• INSTRUCTIONS TO FOLLOW:
Each line below that includes the word "True" is to be reported.

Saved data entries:
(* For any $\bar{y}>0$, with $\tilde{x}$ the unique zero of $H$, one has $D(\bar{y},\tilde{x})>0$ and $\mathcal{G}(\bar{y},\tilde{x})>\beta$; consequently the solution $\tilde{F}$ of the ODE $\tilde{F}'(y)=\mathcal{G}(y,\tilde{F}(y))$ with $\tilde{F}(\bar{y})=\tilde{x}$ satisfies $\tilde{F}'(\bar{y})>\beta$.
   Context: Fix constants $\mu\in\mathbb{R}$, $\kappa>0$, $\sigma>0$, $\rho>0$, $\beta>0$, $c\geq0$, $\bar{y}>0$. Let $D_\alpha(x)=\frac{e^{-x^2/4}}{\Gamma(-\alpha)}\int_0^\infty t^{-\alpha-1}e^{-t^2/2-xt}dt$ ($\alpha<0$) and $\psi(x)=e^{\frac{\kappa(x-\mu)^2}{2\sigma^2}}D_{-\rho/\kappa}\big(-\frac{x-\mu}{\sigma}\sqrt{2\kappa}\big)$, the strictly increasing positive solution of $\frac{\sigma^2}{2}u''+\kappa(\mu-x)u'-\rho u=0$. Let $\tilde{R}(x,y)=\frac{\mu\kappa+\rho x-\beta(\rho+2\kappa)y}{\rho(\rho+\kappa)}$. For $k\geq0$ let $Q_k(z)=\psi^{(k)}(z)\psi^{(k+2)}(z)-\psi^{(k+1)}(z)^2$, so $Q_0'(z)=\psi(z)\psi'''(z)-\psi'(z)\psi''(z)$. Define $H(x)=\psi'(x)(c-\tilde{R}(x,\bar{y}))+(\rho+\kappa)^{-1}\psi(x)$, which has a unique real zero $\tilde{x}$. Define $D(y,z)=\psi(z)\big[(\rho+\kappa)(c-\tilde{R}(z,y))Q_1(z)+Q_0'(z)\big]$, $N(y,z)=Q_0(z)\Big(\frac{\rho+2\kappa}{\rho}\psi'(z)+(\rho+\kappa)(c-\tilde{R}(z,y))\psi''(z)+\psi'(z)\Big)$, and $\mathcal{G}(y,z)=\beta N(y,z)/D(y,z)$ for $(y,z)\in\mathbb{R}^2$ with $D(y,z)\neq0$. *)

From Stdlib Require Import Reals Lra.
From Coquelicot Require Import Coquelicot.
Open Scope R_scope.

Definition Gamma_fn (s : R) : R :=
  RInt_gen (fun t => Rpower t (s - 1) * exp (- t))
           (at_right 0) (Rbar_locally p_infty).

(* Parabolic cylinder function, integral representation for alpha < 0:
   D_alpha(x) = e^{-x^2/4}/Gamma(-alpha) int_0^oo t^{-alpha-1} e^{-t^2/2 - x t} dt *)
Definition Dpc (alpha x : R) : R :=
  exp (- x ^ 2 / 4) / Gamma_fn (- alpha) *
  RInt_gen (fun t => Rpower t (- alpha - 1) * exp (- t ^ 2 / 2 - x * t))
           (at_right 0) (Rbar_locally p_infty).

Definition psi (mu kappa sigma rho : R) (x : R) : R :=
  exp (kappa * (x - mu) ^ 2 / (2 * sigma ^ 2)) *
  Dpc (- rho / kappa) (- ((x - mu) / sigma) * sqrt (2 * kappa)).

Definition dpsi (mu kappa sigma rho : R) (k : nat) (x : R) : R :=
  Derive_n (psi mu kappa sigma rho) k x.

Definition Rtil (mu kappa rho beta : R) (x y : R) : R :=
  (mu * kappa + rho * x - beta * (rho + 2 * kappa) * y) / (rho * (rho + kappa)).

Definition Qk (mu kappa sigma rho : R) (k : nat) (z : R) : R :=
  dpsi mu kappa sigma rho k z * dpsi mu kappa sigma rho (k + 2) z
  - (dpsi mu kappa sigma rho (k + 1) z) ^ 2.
--
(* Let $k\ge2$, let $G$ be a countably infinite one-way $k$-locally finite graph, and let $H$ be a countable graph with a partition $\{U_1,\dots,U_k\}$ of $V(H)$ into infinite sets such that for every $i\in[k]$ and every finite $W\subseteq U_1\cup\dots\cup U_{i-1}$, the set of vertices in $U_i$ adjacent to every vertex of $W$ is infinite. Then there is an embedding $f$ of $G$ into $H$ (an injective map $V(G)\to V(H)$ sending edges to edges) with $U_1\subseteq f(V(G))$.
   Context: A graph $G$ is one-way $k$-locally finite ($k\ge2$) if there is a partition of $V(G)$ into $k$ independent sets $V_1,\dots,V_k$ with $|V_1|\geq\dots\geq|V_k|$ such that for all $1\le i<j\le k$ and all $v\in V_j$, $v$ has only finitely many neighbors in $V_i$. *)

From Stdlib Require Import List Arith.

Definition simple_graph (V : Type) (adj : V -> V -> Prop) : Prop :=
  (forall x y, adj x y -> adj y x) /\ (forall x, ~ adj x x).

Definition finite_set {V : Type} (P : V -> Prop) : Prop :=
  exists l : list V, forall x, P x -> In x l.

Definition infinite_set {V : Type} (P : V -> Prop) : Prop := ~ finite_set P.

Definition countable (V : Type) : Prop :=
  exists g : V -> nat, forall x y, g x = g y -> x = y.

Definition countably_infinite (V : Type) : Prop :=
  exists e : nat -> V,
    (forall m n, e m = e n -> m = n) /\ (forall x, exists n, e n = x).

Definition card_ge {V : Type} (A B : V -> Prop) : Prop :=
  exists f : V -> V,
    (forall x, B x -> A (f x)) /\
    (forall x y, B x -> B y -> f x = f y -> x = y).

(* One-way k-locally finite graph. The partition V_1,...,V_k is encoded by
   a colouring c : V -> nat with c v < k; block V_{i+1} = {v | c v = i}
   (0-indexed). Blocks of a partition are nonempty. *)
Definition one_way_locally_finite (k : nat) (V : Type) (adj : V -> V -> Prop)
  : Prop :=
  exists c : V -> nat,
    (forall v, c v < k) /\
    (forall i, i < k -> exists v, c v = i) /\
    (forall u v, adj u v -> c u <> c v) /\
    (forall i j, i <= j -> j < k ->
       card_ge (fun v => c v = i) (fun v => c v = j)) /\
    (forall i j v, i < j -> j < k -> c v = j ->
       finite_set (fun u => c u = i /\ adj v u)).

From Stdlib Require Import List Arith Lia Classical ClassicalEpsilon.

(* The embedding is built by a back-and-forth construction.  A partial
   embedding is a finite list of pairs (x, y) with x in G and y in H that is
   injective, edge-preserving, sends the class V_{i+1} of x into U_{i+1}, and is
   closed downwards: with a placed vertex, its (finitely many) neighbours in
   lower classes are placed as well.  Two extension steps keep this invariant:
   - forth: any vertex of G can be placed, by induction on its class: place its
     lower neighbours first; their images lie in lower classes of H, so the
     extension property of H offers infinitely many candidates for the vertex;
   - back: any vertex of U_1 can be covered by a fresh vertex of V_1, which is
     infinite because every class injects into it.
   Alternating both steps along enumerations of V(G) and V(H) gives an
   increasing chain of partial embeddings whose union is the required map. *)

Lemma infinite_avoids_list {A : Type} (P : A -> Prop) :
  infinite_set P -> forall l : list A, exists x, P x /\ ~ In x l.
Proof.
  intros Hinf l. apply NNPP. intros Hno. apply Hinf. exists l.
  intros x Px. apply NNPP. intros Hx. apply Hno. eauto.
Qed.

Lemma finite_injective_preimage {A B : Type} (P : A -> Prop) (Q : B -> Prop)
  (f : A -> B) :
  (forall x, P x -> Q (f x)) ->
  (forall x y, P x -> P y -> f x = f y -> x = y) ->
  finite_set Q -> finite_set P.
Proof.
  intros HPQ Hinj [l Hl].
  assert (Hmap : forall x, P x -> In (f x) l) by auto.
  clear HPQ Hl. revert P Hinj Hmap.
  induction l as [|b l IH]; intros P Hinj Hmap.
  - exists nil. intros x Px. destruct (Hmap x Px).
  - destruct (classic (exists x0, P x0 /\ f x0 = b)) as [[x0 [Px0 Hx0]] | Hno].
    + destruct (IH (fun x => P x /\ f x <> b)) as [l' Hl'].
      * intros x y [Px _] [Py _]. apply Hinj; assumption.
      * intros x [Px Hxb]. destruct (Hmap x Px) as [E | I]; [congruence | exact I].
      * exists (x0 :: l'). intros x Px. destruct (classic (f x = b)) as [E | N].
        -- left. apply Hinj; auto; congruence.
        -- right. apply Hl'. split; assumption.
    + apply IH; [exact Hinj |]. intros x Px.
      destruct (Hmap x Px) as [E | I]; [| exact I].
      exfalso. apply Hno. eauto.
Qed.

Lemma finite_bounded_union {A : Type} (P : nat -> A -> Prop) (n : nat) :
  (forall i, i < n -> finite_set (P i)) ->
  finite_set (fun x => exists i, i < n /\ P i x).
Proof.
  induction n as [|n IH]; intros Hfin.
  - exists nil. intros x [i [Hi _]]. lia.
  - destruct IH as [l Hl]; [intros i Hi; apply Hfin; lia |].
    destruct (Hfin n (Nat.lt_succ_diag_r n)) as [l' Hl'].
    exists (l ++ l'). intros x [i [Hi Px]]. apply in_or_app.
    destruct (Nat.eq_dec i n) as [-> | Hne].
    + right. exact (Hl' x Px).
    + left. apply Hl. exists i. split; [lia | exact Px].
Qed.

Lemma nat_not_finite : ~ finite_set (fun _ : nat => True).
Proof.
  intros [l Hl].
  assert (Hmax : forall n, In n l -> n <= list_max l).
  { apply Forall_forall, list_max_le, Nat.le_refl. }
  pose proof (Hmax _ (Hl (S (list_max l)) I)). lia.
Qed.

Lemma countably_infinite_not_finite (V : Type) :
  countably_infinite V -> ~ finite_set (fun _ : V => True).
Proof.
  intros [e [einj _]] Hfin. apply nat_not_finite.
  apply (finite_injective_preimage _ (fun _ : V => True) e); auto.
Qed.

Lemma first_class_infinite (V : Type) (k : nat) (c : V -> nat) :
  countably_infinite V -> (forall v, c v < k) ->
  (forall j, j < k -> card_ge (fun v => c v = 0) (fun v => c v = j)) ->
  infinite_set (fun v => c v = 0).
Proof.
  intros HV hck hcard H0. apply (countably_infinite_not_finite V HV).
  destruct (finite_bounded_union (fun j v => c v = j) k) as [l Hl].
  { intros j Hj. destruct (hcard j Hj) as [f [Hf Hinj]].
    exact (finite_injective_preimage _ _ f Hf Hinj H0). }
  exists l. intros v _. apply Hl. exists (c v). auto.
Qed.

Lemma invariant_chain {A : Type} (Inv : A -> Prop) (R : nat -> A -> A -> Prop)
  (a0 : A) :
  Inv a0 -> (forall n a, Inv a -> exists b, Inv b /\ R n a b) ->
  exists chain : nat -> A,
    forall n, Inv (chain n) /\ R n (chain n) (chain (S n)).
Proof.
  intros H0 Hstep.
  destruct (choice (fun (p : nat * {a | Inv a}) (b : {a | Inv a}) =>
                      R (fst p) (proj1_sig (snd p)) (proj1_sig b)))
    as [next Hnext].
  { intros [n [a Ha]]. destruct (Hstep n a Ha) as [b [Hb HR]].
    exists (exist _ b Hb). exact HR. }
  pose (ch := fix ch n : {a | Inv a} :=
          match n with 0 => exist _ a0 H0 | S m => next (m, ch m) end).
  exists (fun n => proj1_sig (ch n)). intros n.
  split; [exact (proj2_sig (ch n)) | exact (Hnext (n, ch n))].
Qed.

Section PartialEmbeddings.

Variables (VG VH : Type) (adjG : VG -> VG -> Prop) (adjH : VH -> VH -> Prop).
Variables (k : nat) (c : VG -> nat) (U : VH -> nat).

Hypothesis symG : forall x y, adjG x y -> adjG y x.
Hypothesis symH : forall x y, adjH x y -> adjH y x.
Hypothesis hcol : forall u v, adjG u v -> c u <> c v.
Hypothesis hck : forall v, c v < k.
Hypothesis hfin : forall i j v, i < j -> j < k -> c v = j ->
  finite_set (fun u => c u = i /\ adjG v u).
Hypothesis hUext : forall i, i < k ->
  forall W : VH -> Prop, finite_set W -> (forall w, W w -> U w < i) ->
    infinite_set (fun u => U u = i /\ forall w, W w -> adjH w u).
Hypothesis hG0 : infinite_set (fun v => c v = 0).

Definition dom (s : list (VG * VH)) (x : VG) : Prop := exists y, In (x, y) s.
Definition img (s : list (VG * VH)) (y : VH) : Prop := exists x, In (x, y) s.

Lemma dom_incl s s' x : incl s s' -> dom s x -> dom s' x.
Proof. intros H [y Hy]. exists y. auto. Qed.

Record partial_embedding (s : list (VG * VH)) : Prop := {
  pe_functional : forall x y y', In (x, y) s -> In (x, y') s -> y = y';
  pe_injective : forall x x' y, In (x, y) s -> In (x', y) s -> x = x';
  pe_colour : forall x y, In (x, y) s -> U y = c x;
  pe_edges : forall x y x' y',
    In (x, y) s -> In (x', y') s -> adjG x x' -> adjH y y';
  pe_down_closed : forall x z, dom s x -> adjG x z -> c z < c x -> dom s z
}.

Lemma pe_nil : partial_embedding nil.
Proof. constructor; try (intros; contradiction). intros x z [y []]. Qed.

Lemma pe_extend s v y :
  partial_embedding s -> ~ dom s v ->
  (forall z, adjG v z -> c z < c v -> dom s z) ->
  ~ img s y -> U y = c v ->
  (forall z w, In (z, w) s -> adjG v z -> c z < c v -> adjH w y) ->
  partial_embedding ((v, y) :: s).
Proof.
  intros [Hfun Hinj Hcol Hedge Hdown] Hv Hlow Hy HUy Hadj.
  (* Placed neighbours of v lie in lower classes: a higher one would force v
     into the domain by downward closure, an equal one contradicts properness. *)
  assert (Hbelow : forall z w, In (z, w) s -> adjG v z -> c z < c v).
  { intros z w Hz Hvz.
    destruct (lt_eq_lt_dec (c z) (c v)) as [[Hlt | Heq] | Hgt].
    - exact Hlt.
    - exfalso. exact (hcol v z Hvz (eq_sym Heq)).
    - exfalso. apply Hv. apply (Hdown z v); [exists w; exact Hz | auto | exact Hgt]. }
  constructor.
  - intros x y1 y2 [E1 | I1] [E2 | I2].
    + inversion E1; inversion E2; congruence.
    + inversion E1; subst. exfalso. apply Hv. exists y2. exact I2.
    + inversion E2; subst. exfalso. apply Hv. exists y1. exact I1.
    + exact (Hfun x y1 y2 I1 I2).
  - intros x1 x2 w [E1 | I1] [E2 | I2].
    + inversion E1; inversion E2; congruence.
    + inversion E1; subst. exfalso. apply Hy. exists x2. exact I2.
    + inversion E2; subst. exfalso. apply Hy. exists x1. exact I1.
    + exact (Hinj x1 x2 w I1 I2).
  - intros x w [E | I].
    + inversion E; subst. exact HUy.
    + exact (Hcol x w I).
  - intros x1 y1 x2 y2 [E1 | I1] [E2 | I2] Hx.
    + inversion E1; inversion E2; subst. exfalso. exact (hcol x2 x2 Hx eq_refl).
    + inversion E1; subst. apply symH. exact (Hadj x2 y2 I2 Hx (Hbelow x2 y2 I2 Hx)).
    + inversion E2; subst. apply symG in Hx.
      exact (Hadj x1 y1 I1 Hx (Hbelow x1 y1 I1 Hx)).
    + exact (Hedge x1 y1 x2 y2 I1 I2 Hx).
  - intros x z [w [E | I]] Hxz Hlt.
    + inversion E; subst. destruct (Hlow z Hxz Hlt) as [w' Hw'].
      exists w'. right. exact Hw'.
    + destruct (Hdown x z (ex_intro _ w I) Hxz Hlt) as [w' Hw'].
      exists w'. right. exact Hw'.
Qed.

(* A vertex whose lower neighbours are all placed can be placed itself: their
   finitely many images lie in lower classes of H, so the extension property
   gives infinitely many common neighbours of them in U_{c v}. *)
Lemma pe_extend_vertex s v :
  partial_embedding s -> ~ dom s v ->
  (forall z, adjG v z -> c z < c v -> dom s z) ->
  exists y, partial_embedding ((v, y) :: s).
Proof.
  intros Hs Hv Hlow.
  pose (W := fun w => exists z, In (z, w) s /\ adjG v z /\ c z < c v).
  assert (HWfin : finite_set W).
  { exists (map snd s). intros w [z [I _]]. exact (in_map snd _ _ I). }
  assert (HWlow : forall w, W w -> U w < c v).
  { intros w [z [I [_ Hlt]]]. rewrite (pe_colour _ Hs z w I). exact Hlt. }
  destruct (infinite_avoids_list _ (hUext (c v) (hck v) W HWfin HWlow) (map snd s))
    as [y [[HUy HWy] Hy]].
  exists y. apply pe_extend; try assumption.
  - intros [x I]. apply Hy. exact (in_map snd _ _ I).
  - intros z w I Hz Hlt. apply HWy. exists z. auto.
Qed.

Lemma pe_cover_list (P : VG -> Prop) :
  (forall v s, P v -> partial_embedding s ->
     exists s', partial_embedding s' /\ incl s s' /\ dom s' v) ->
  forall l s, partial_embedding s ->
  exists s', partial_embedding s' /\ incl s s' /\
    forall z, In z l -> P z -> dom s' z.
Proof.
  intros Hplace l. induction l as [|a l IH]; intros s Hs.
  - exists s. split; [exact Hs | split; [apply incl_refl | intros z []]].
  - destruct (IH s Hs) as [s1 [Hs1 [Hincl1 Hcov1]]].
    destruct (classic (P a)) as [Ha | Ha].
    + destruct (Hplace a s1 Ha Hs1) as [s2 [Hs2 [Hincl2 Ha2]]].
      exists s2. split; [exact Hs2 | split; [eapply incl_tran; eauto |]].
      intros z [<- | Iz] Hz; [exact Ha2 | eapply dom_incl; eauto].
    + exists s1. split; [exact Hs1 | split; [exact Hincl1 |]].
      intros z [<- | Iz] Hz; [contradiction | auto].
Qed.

• ANSWER TO THE EXERCISE:
Lemma nat_not_finite : ~ finite_set (fun _ : nat => True).
  countably_infinite V -> ~ finite_set (fun _ : V => True).
  apply (finite_injective_preimage _ (fun _ : V => True) e); auto.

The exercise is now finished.